■ Brief ■
Word for word, the listing below should be printed again.

■ Dataset excerpts ■

(* Fix $r_0,u_0,\Lambda>0$ and $(\mathring g,\mathring\lambda_g,\mathring e_g)\in D$. There exist $\varepsilon>0$ and a constant $C>0$ depending only on $r_0,u_0,\mathring g,\Lambda$ (and not on $\mathring f$) such that for every $(\mathring f,\mathring\lambda_f,\mathring e_f)\in D$ with $d:=\|\mathring f-\mathring g\|_{L^\infty}<\varepsilon$: $$\|\mathring\lambda_f\|_{L^\infty}\le C,\qquad \|\mathring e_f\|_{L^\infty}\le C,$$ and each of the quantities $$\|e^{\mathring\lambda_f}-e^{\mathring\lambda_g}\|_{L^\infty},\ \|e^{\mathring\lambda_f}\mathring e_f-e^{\mathring\lambda_g}\mathring e_g\|_{L^\infty},\ \|\mathring e_f-\mathring e_g\|_{L^\infty},\ \|\mathring\lambda_f-\mathring\lambda_g\|_{L^\infty},\ \|e^{2\mathring\lambda_f}\mathring e_f^2-e^{2\mathring\lambda_g}\mathring e_g^2\|_{L^\infty},\ \|e^{2\mathring\lambda_f}-e^{2\mathring\lambda_g}\|_{L^\infty}$$ is bounded by $Cd$.
   Context: Units with gravitational constant and speed of light equal to $1$; $q\in\mathbb R$ is a fixed charge parameter. For $x\in\mathbb R^3$ write $r=|x|$. A function $h(x,v)$ on $\mathbb R^6$ is spherically symmetric if $h(Ax,Av)=h(x,v)$ for all $A\in SO(3)$. Constraint equations for initial data: given $\mathring f\ge 0$, functions $\mathring\lambda(r),\mathring\mu(r),\mathring e(r)$ on $[0,\infty)$ with $e^{-2\mathring\lambda}(2r\mathring\lambda'-1)+1=8\pi r^2\mathring\rho$, $e^{-2\mathring\lambda}(2r\mathring\mu'-1)+1=8\pi r^2\mathring p$, $\partial_r(r^2e^{\mathring\lambda}\mathring e)=qr^2e^{\mathring\lambda}\mathring M$, where $\mathring\rho=\int_{\mathbb R^3}\mathring f\sqrt{1+|v|^2}\,dv+\tfrac12 e^{2\mathring\lambda}\mathring e^2$, $\mathring p=\int_{\mathbb R^3}(\tfrac{x\cdot v}{r})^2\mathring f\,\tfrac{dv}{\sqrt{1+|v|^2}}-\tfrac12 e^{2\mathring\lambda}\mathring e^2$, $\mathring M=\int_{\mathbb R^3}\mathring f\,dv$; a regular solution of the constraints additionally has $\mathring\lambda\ge0$, $\mathring\mu\le0$, these functions $C^1$, and $\lim_{r\to\infty}\mathring\lambda=\lim_{r\to\infty}\mathring\mu=\mathring\lambda(0)=\lim_{r\to\infty}\mathring e=\mathring e(0)=0$. For $r_0,u_0,\Lambda>0$, $D$ is the set of triples $(\mathring f,\mathring\lambda,\mathring e)$ with $\mathring f\in C^\infty(\mathbb R^6)$ nonnegative, spherically symmetric, $\operatorname{supp}\mathring f\subset B(r_0)\times B(u_0)$, satisfying $8\pi\int_0^r s^2\int_{\mathbb R^3}\mathring f(s,v)\sqrt{1+|v|^2}\,dv\,ds<r$ for all $r>0$, and such that $(\mathring\lambda,\mathring e)$ (with the corresponding $\mathring\mu$) is a regular solution of the constraint equations with $\|\mathring\lambda\|_{L^\infty}\le\Lambda$. *)

From Stdlib Require Import Reals.
From Coquelicot Require Import Coquelicot.
Open Scope R_scope.

Definition R3 : Type := (R * R * R)%type.
Definition c1 (x : R3) : R := fst (fst x).
Definition c2 (x : R3) : R := snd (fst x).
Definition c3 (x : R3) : R := snd x.
Definition dot3 (x y : R3) : R := c1 x * c1 y + c2 x * c2 y + c3 x * c3 y.
Definition norm3 (x : R3) : R := sqrt (dot3 x x).

Definition mat3 : Type := nat -> nat -> R.
Definition mapply (A : mat3) (x : R3) : R3 :=
  (A 0%nat 0%nat * c1 x + A 0%nat 1%nat * c2 x + A 0%nat 2%nat * c3 x,
   A 1%nat 0%nat * c1 x + A 1%nat 1%nat * c2 x + A 1%nat 2%nat * c3 x,
   A 2%nat 0%nat * c1 x + A 2%nat 1%nat * c2 x + A 2%nat 2%nat * c3 x).
Definition det3 (A : mat3) : R :=
  A 0%nat 0%nat * (A 1%nat 1%nat * A 2%nat 2%nat - A 1%nat 2%nat * A 2%nat 1%nat)
  - A 0%nat 1%nat * (A 1%nat 0%nat * A 2%nat 2%nat - A 1%nat 2%nat * A 2%nat 0%nat)
  + A 0%nat 2%nat * (A 1%nat 0%nat * A 2%nat 1%nat - A 1%nat 1%nat * A 2%nat 0%nat).
Definition in_SO3 (A : mat3) : Prop :=
  (forall i j : nat, (i < 3)%nat -> (j < 3)%nat ->
     A 0%nat i * A 0%nat j + A 1%nat i * A 1%nat j + A 2%nat i * A 2%nat j
     = if Nat.eqb i j then 1 else 0)
  /\ det3 A = 1.

Definition spherically_symmetric (h : R3 -> R3 -> R) : Prop :=
  forall A : mat3, in_SO3 A -> forall x v : R3, h (mapply A x) (mapply A v) = h x v.

Definition get6 (i : nat) (p : R3 * R3) : R :=
  match i with
  | 0%nat => c1 (fst p) | 1%nat => c2 (fst p) | 2%nat => c3 (fst p)
  | 3%nat => c1 (snd p) | 4%nat => c2 (snd p) | _ => c3 (snd p)
  end.
Definition set6 (i : nat) (p : R3 * R3) (t : R) : R3 * R3 :=
  let '((x1, x2, x3), (v1, v2, v3)) := p in
  match i with
  | 0%nat => ((t, x2, x3), (v1, v2, v3))
  | 1%nat => ((x1, t, x3), (v1, v2, v3))
  | 2%nat => ((x1, x2, t), (v1, v2, v3))
  | 3%nat => ((x1, x2, x3), (t, v2, v3))
  | 4%nat => ((x1, x2, x3), (v1, t, v3))
  | _ => ((x1, x2, x3), (v1, v2, t))
  end.
Definition partial6 (i : nat) (h : R3 * R3 -> R) (p : R3 * R3) : R :=
  Derive (fun t => h (set6 i p t)) (get6 i p).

■ Response box ■
(* Fix $r_0,u_0,\Lambda>0$ and $(\mathring g,\mathring\lambda_g,\mathring e_g)\in D$. There exist $\varepsilon>0$ and a constant $C>0$ depending only on $r_0,u_0,\mathring g,\Lambda$ (and not on $\mathring f$) such that for every $(\mathring f,\mathring\lambda_f,\mathring e_f)\in D$ with $d:=\|\mathring f-\mathring g\|_{L^\infty}<\varepsilon$: $$\|\mathring\lambda_f\|_{L^\infty}\le C,\qquad \|\mathring e_f\|_{L^\infty}\le C,$$ and each of the quantities $$\|e^{\mathring\lambda_f}-e^{\mathring\lambda_g}\|_{L^\infty},\ \|e^{\mathring\lambda_f}\mathring e_f-e^{\mathring\lambda_g}\mathring e_g\|_{L^\infty},\ \|\mathring e_f-\mathring e_g\|_{L^\infty},\ \|\mathring\lambda_f-\mathring\lambda_g\|_{L^\infty},\ \|e^{2\mathring\lambda_f}\mathring e_f^2-e^{2\mathring\lambda_g}\mathring e_g^2\|_{L^\infty},\ \|e^{2\mathring\lambda_f}-e^{2\mathring\lambda_g}\|_{L^\infty}$$ is bounded by $Cd$.
   Context: Units with gravitational constant and speed of light equal to $1$; $q\in\mathbb R$ is a fixed charge parameter. For $x\in\mathbb R^3$ write $r=|x|$. A function $h(x,v)$ on $\mathbb R^6$ is spherically symmetric if $h(Ax,Av)=h(x,v)$ for all $A\in SO(3)$. Constraint equations for initial data: given $\mathring f\ge 0$, functions $\mathring\lambda(r),\mathring\mu(r),\mathring e(r)$ on $[0,\infty)$ with $e^{-2\mathring\lambda}(2r\mathring\lambda'-1)+1=8\pi r^2\mathring\rho$, $e^{-2\mathring\lambda}(2r\mathring\mu'-1)+1=8\pi r^2\mathring p$, $\partial_r(r^2e^{\mathring\lambda}\mathring e)=qr^2e^{\mathring\lambda}\mathring M$, where $\mathring\rho=\int_{\mathbb R^3}\mathring f\sqrt{1+|v|^2}\,dv+\tfrac12 e^{2\mathring\lambda}\mathring e^2$, $\mathring p=\int_{\mathbb R^3}(\tfrac{x\cdot v}{r})^2\mathring f\,\tfrac{dv}{\sqrt{1+|v|^2}}-\tfrac12 e^{2\mathring\lambda}\mathring e^2$, $\mathring M=\int_{\mathbb R^3}\mathring f\,dv$; a regular solution of the constraints additionally has $\mathring\lambda\ge0$, $\mathring\mu\le0$, these functions $C^1$, and $\lim_{r\to\infty}\mathring\lambda=\lim_{r\to\infty}\mathring\mu=\mathring\lambda(0)=\lim_{r\to\infty}\mathring e=\mathring e(0)=0$. For $r_0,u_0,\Lambda>0$, $D$ is the set of triples $(\mathring f,\mathring\lambda,\mathring e)$ with $\mathring f\in C^\infty(\mathbb R^6)$ nonnegative, spherically symmetric, $\operatorname{supp}\mathring f\subset B(r_0)\times B(u_0)$, satisfying $8\pi\int_0^r s^2\int_{\mathbb R^3}\mathring f(s,v)\sqrt{1+|v|^2}\,dv\,ds<r$ for all $r>0$, and such that $(\mathring\lambda,\mathring e)$ (with the corresponding $\mathring\mu$) is a regular solution of the constraint equations with $\|\mathring\lambda\|_{L^\infty}\le\Lambda$. *)

From Stdlib Require Import Reals.
From Coquelicot Require Import Coquelicot.
Open Scope R_scope.

Definition R3 : Type := (R * R * R)%type.
Definition c1 (x : R3) : R := fst (fst x).
Definition c2 (x : R3) : R := snd (fst x).
Definition c3 (x : R3) : R := snd x.
Definition dot3 (x y : R3) : R := c1 x * c1 y + c2 x * c2 y + c3 x * c3 y.
Definition norm3 (x : R3) : R := sqrt (dot3 x x).

Definition mat3 : Type := nat -> nat -> R.
Definition mapply (A : mat3) (x : R3) : R3 :=
  (A 0%nat 0%nat * c1 x + A 0%nat 1%nat * c2 x + A 0%nat 2%nat * c3 x,
   A 1%nat 0%nat * c1 x + A 1%nat 1%nat * c2 x + A 1%nat 2%nat * c3 x,
   A 2%nat 0%nat * c1 x + A 2%nat 1%nat * c2 x + A 2%nat 2%nat * c3 x).
Definition det3 (A : mat3) : R :=
  A 0%nat 0%nat * (A 1%nat 1%nat * A 2%nat 2%nat - A 1%nat 2%nat * A 2%nat 1%nat)
  - A 0%nat 1%nat * (A 1%nat 0%nat * A 2%nat 2%nat - A 1%nat 2%nat * A 2%nat 0%nat)
  + A 0%nat 2%nat * (A 1%nat 0%nat * A 2%nat 1%nat - A 1%nat 1%nat * A 2%nat 0%nat).
Definition in_SO3 (A : mat3) : Prop :=
  (forall i j : nat, (i < 3)%nat -> (j < 3)%nat ->
     A 0%nat i * A 0%nat j + A 1%nat i * A 1%nat j + A 2%nat i * A 2%nat j
     = if Nat.eqb i j then 1 else 0)
  /\ det3 A = 1.

Definition spherically_symmetric (h : R3 -> R3 -> R) : Prop :=
  forall A : mat3, in_SO3 A -> forall x v : R3, h (mapply A x) (mapply A v) = h x v.

Definition get6 (i : nat) (p : R3 * R3) : R :=
  match i with
  | 0%nat => c1 (fst p) | 1%nat => c2 (fst p) | 2%nat => c3 (fst p)
  | 3%nat => c1 (snd p) | 4%nat => c2 (snd p) | _ => c3 (snd p)
  end.
Definition set6 (i : nat) (p : R3 * R3) (t : R) : R3 * R3 :=
  let '((x1, x2, x3), (v1, v2, v3)) := p in
  match i with
  | 0%nat => ((t, x2, x3), (v1, v2, v3))
  | 1%nat => ((x1, t, x3), (v1, v2, v3))
  | 2%nat => ((x1, x2, t), (v1, v2, v3))
  | 3%nat => ((x1, x2, x3), (t, v2, v3))
  | 4%nat => ((x1, x2, x3), (v1, t, v3))
  | _ => ((x1, x2, x3), (v1, v2, t))
  end.
Definition partial6 (i : nat) (h : R3 * R3 -> R) (p : R3 * R3) : R :=
  Derive (fun t => h (set6 i p t)) (get6 i p).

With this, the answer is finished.